Monoamine Oxidase Inhibitors:  Dihydrocodeine, like all opioids, interact with monoamine oxidase inhibitors causing central nervous system excitation and hypertension. MAO inhibitors and beta-adrenergic blockers increase the effects of sympathomimetics.

Information for Patients:
Patients receiving this product should be given the following information:
  • This product may inhibit mental or physical abilities required for the performance of potentially hazardous tasks such as driving a car or operating machinery.
  • Report any adverse experience occurring during therapy.
  • Do not adjust the dose of this product without consulting the prescribing professional.
  • Do not combine this product with alcohol or other central nervous system depressants.
  • Women of childbearing potential who become, or are planning to become pregnant should be advised to consult their physician regarding the effects of opioids and other drug use during pregnancy on themselves and their unborn child.  Patients should be advised that this product is a potential drug of abuse.  They should protect it from theft, and it should never be given to anyone other than the individual for whom it was prescribed.
Pregnancy:  Pregnancy Category C:  Animal reproduction studies have not been conducted with this product.  It is also not known whether this combination product can cause fetal harm when administered to pregnant women or can effect reproduction capacity in males and females.  This combination product should be given to a pregnant woman only if clearly needed, especially during the first trimester.

Nonteratongenic Effects:
Babies born to mothers who have been taking opioids regularly prior to delivery will be physically dependent.  The withdrawal signs include irritability and excessive crying, tremors, hyperactive reflexes, increased respiratory rate, increased stools, sneezing, yawning, vomiting, and fever.

The intensity of the syndrome does not always correlate with the duration of the maternal opioid use or dose.  There is no consensus on the best method of managing withdrawal.

Chlorpromazine 0.7-1.0 mg/kg q6h, phenobarbital 2 mb/kg q6h, and paregoric 2-4 drops/kg q4h, have been used to treat withdrawal symptoms in infants.  The duration of therapy is 4 to 28 days, with dosages decreased as tolerated.

Labor and Delivery:  This product is not recommended for use by women during and immediately before labor and delivery because oral opioids may cause respiratory depression in the newborn.

Nursing Mothers:  Due to the possible passage of the ingredients into breast milk, this product should not be given to nursing mothers.

Pediatric Use:  This product is not recommended for use in children under two years of age.  Children under two years may be more susceptible to respiratory arrest, coma, and death.  Use of antihistamines is not recommended in infants.  This age group may be at higher risk than other age groups because of an increased susceptibility to anticholinergic effects, such as CNS excitation, and increased tendency toward convulsions.  In older children taking antihistamines, a paradoxical reaction characterized by hyperexcitability my occur.  Very young children may be more susceptible to the effects, especially the vasopressor effects of sympathomimetic amines.

Geriatric Use:  This product should be given with caution to the elderly.

Hepatic Impairment:  This product should be given with caution to patients with hepatic insufficiency.  Since dihydrocodeine is metabolized by the liver the effects of this combination product should be monitored closely in such patients.

Renal Impairment:  This product should be used with caution and at reduced dosage in the presence of impaired renal function.

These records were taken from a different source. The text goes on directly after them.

Lemma img_total g : (\sum_(l < m) img g l = d * \sum_(i < n) g i)%N.
Proof.
under eq_bigr do rewrite ffunE.
rewrite exchange_big big_distrr; apply: eq_bigr => i _.
by rewrite -big_distrr /= a_deg mulnC.
Qed.

Lemma a_vertex_lt (l j : 'I_n) (lm : 'I_m) : val l = val lm -> j != l -> (a j lm < d)%N.
Proof.
move=> vl jl; rewrite ltn_neqAle; apply/andP; split; last first.
  by rewrite -(a_deg j) (bigD1 lm) //= leq_addr.
apply/eqP => E; case/eqP: jl; apply: a_inj; apply/ffunP => l'.
rewrite (a_vertex vl); case: eqP => [->//|/eqP ne].
have := a_deg j; rewrite (bigD1 lm) //= E (bigD1 l') /=; last by rewrite ne.
by move/eqP; rewrite -{2}[d]addn0 eqn_add2l addn_eq0 => /andP[/eqP].
Qed.

Lemma nonvertex_off (lv i : 'I_n) (lm : 'I_m) : val lv = val lm -> i != lv ->
  exists2 l', l' != lm & (0 < a i l')%N.
Proof.
move=> vl ilv; have lt := a_vertex_lt vl ilv.
have : (\sum_(l' | l' != lm) a i l' != 0)%N.
  move: (a_deg i) lt; rewrite (bigD1 lm) //= => <-.
  by rewrite -{1}[a i lm]addn0 ltn_add2l lt0n.
by rewrite sum_nat_eq0 => /forall_inPn [l' l'lm ail']; exists l'; rewrite ?lt0n.
Qed.

Lemma fibre_vertex (lv : 'I_n) (lm : 'I_m) c g : val lv = val lm ->
  img g = img (mscale c (evec lv)) -> g = mscale c (evec lv).
Proof.
move=> vl E.
have off i : i != lv -> g i = 0%N.
  move=> ilv; have [l' l'lm ail'] := nonvertex_off vl ilv.
  have := img_ge a g i l'; rewrite E img_mscale img_evec (a_vertex vl) (negbTE l'lm).
  by rewrite muln0 leqn0 muln_eq0 (gtn_eqF ail') orbF => /eqP.
have glv : g lv = c.
  move/(congr1 (fun f : mon m => f lm)): E.
  rewrite img_mscale img_evec ffunE (bigD1 lv) //= big1 ?addn0; last by move=> i /off ->.
  by rewrite (a_vertex vl) eqxx => /eqP; rewrite eqn_mul2r (gtn_eqF d_gt0) => /eqP.
apply/ffunP => i; rewrite !ffunE.
by case: (eqVneq i lv) => [->|/off ->]; rewrite ?muln1 ?muln0.
Qed.

Lemma fibre_evec j (g : mon n) : img g = a j -> g = evec j.
Proof.
move=> E.
have g1 : (\sum_(i < n) g i = 1)%N.
  by apply/eqP; rewrite -(eqn_pmul2l d_gt0) muln1 -img_total E a_deg.
have [i gi] : exists i, (0 < g i)%N.
  by apply: mon_support; apply: contra_eq_neq g1 => ->; rewrite big1 // => i; rewrite ffunE.
have off x : x != i -> g x = 0%N.
  move=> xi; move: g1; rewrite (bigD1 i) //= (bigD1 x) //=.
  by case: (g x) => // q; case: (g i) gi => // q'; rewrite !addSn addnS.
have ge : g = evec i.
  apply/ffunP => x; rewrite ffunE; case: (eqVneq x i) => [->|/off //].
  by move: g1; rewrite (bigD1 i) //= big1 ?addn0 // => x' /off.
suff ij : i = j by rewrite ge ij.
by apply: a_inj; rewrite -E ge; apply/ffunP => l; rewrite img_evec.
Qed.

Definition isolated (al : mon n) :=
  forall g, img g = img al -> g <> al -> forall i, (0 < g i)%N -> al i = 0%N.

Pancreatic/biliary Tract Disease:  Opioids may cause spasms of the sphincter of Oddi and should be used with caution in patients with biliary tract disease, including pancreatitis.

Adverse Reactions

The most frequently observed adverse reaction with dihydrocodeine include lightheadedness, dizziness, drowsiness, headache, fatigue, sedation, sweating, nausea, vomiting, constipation, pruritus, and skin reactions.  With the exception of constipation, tolerance develops to most of these effects.  Other reactions that have been observed with dihydrocodeine or opioids include respiratory depression, orthostatic hypotension, cough suppression, confusion, diarrhea, miosis, abdominal pain, dry mouth, indigestion, anorexia, spasm of biliary tract, and urinary retention.  Physical and psychological dependence are possibilities.

Hypersensitivity reactions (include anaphlactoid reactions), hallucinations, vivid dreams, granulomatous interstitial nephritis, sevre narcosis and acute renal failure have been reported rarely during dihydrocodeine administration.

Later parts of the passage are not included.